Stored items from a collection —
○ ○ ○ ○ ○ ○ ○

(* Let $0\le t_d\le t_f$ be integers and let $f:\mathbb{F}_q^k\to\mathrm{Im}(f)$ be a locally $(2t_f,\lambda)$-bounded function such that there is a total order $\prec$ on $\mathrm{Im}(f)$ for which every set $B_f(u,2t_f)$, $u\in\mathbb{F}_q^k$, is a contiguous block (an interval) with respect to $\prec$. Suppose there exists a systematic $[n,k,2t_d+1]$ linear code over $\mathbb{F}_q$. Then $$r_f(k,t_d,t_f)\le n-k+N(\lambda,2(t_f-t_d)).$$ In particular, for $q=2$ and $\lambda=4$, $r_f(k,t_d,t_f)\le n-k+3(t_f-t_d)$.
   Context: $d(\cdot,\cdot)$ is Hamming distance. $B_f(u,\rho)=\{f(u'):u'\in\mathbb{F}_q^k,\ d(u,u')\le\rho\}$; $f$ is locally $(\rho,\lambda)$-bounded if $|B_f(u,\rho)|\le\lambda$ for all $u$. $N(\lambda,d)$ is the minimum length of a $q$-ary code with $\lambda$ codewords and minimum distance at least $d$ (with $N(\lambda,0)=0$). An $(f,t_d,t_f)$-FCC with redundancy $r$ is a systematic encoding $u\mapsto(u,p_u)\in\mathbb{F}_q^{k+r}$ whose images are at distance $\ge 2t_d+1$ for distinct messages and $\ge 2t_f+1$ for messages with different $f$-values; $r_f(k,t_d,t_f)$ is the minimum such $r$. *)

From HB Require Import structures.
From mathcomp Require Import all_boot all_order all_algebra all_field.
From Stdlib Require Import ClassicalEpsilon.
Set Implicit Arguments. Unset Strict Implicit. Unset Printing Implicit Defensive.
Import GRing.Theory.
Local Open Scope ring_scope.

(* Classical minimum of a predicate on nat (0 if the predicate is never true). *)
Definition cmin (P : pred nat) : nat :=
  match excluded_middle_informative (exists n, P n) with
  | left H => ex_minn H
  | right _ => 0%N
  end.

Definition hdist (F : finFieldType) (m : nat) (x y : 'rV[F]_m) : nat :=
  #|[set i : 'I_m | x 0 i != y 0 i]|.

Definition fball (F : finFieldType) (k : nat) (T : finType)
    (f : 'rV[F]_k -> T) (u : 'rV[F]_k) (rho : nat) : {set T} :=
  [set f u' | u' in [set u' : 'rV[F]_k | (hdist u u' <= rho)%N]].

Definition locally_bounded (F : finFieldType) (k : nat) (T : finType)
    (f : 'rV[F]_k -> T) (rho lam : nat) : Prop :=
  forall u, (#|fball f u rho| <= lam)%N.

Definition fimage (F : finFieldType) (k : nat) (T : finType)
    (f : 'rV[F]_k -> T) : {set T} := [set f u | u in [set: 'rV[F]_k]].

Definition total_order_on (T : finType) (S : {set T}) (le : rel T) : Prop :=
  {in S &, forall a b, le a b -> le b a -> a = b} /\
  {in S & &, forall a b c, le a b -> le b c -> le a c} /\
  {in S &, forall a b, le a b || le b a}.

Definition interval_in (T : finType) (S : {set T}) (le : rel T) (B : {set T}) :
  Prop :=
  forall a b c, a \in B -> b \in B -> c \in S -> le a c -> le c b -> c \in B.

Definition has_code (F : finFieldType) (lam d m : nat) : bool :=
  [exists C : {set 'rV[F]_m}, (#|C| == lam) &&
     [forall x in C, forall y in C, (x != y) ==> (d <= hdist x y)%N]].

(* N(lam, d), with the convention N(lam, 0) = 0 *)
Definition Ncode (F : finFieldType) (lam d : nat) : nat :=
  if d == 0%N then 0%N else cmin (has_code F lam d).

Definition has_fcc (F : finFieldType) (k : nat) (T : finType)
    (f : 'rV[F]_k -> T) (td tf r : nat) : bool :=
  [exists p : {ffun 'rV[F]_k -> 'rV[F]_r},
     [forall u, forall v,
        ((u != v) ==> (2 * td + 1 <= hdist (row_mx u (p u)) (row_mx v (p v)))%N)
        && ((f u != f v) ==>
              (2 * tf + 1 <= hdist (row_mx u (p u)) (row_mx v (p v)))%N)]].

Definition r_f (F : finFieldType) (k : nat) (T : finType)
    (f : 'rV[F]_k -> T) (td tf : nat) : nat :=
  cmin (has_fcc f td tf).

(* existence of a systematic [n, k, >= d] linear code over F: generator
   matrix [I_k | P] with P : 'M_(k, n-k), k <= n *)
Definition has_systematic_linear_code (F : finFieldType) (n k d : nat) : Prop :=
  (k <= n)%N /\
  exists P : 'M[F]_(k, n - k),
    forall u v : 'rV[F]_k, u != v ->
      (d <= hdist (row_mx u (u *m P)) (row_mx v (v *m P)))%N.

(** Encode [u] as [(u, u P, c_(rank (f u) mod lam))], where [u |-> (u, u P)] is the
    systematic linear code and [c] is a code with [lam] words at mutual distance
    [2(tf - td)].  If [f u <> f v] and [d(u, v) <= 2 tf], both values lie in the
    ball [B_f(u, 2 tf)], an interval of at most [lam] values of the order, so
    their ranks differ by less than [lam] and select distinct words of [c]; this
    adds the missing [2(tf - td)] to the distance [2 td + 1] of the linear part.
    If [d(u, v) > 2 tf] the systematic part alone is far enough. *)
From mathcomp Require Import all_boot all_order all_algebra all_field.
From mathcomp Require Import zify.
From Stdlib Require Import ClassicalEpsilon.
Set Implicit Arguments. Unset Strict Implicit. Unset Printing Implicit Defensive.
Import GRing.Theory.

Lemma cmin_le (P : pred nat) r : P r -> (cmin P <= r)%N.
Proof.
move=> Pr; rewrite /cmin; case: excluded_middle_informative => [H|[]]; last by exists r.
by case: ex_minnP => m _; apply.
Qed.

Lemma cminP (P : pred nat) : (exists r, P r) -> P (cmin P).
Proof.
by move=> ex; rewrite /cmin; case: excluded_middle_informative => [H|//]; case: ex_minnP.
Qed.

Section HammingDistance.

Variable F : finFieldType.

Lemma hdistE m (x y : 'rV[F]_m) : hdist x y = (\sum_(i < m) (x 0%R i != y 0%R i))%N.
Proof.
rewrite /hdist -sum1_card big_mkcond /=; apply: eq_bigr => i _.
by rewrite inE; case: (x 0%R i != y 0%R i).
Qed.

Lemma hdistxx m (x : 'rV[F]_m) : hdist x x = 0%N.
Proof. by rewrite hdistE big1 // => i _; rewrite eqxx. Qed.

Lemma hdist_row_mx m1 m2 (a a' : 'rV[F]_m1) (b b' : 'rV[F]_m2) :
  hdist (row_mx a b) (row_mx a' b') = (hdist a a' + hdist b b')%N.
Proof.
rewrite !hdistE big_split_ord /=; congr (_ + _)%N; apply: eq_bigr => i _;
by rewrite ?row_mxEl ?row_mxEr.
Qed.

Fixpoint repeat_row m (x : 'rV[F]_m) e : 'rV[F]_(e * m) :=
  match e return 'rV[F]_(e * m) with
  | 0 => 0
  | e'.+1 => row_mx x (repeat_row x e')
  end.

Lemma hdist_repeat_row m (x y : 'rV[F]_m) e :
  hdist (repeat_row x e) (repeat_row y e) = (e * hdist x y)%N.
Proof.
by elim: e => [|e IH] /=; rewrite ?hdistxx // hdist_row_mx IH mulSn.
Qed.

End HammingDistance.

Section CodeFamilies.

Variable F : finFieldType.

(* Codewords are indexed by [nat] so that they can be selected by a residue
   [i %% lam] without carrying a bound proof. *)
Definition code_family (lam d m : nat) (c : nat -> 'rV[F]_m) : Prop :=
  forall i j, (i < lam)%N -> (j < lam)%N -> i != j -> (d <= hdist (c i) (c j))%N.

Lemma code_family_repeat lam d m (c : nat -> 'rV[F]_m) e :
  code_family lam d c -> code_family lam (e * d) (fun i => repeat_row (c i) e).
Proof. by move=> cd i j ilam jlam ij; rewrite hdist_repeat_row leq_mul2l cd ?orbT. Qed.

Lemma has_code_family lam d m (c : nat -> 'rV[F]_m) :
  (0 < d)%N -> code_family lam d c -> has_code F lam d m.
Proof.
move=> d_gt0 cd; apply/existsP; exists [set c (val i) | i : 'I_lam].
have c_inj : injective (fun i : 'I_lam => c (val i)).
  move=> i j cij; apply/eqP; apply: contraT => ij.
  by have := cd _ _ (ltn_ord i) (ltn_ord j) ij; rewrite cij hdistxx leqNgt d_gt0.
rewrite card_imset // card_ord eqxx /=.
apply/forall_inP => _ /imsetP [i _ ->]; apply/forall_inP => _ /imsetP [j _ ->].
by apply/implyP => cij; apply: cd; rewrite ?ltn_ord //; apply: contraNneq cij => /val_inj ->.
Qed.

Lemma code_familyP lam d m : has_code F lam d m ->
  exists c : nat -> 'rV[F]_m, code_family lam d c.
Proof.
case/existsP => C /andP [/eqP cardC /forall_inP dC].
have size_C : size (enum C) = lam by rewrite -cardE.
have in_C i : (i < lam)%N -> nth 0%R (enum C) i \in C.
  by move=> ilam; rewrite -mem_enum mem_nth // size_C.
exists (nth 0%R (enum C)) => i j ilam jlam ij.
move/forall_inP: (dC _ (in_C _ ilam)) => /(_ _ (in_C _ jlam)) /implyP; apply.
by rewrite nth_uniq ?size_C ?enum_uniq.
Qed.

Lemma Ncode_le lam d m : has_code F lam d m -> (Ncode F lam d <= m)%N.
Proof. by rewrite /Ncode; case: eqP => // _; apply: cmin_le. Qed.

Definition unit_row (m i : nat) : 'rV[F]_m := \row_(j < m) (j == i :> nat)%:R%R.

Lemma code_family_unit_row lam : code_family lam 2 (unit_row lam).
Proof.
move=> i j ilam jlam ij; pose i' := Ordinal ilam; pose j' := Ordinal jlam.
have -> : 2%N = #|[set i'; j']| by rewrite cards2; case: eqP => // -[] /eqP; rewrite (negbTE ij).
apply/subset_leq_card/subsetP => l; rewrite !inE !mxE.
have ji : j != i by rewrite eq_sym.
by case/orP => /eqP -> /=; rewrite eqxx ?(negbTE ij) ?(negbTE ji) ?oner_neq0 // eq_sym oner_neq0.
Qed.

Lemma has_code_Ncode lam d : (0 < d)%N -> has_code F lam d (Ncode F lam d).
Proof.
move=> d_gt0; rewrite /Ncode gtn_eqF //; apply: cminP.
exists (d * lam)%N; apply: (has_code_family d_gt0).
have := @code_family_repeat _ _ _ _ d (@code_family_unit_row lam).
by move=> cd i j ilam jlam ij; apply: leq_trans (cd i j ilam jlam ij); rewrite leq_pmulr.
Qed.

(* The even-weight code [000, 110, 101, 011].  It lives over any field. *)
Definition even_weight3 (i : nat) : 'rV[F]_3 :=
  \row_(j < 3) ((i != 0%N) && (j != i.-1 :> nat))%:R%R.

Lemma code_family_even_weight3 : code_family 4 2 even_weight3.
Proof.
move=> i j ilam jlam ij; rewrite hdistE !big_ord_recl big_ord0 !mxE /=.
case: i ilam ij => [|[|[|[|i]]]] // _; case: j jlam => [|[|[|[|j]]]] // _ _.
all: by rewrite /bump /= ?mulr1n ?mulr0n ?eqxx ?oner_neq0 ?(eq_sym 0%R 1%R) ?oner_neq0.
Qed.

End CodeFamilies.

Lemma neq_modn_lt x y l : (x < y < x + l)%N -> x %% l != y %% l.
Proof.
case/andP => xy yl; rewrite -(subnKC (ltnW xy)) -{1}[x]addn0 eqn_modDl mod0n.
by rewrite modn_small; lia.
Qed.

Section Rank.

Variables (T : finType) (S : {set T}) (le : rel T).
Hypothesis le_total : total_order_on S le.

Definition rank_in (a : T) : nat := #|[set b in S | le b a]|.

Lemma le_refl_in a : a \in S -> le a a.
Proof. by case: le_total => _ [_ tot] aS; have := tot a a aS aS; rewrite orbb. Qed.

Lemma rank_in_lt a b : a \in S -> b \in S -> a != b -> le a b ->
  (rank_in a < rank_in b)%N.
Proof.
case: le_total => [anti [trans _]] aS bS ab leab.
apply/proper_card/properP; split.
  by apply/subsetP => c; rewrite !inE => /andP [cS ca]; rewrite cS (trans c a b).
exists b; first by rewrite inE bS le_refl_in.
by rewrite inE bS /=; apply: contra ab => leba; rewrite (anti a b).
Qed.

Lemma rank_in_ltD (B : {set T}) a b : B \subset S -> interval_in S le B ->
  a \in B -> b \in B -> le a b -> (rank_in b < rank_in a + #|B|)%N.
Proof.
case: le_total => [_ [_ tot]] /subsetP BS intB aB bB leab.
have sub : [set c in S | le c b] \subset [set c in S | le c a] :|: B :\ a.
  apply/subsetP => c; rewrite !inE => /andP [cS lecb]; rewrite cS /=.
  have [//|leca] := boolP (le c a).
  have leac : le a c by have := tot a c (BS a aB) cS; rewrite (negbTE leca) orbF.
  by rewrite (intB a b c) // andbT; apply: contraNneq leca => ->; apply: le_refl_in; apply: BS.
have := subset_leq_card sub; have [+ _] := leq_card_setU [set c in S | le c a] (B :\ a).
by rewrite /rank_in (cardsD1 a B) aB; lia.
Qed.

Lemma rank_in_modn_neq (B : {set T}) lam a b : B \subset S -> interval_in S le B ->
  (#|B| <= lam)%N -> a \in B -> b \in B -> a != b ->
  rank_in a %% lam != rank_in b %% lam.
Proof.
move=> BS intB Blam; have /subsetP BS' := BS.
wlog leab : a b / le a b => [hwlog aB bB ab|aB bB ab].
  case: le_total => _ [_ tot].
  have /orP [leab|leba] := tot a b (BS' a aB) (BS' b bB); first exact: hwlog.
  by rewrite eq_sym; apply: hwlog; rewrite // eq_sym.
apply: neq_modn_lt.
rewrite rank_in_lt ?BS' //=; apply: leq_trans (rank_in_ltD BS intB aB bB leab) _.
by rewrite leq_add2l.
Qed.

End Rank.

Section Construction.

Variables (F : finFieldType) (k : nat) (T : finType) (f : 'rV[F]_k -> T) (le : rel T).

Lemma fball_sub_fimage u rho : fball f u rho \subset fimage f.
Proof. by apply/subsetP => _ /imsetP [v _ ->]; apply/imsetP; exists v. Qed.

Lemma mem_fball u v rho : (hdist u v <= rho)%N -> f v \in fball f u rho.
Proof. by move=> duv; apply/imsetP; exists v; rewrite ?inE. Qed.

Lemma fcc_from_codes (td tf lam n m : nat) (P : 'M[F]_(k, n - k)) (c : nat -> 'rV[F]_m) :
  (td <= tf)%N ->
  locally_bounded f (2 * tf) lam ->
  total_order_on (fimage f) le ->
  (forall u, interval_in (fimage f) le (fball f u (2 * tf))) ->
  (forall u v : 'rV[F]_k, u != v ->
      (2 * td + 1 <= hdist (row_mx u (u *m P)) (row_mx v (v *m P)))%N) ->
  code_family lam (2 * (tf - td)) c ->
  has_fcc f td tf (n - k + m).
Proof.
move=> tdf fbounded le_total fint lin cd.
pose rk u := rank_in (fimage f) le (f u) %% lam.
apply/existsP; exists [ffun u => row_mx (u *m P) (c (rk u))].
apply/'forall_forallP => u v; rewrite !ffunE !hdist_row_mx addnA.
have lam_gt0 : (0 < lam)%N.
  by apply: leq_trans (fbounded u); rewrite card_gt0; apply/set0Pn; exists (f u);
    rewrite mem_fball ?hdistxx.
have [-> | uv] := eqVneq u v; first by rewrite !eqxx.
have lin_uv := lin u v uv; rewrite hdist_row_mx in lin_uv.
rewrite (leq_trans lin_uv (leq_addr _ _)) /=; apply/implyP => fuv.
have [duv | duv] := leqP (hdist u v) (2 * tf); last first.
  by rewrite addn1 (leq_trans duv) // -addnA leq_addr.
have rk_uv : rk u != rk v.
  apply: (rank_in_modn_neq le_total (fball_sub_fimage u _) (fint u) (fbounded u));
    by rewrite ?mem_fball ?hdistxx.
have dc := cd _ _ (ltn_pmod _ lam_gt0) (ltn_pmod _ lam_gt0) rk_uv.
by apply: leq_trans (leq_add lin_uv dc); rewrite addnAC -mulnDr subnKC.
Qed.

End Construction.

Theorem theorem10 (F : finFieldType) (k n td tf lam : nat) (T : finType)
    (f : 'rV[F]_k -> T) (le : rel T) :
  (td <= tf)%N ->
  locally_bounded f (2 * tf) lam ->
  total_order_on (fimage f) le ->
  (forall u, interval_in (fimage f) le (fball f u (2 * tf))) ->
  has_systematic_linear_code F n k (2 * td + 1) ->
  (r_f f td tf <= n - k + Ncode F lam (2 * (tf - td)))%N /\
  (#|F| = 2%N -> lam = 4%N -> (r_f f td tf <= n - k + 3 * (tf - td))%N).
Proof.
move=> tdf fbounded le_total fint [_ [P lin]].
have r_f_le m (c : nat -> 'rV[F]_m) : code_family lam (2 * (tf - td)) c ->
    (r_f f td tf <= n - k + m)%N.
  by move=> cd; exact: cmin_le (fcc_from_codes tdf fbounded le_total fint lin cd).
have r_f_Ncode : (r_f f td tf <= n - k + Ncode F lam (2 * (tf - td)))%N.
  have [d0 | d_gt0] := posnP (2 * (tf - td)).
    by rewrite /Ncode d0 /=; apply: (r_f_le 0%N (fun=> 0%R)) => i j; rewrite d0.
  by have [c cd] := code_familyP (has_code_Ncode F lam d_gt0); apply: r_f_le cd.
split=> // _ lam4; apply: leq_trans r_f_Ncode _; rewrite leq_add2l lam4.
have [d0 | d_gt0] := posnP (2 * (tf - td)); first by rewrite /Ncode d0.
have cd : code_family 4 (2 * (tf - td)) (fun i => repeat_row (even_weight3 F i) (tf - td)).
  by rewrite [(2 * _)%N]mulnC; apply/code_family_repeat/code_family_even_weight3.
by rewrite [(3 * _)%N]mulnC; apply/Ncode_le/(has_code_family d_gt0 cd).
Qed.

○ ○ ○ ○ ○ ○ ○

YOUR TASK —
If a line in the data above holds the string "HammingDistance", copy it.

COMPLETED TASK —
Section HammingDistance.
End HammingDistance.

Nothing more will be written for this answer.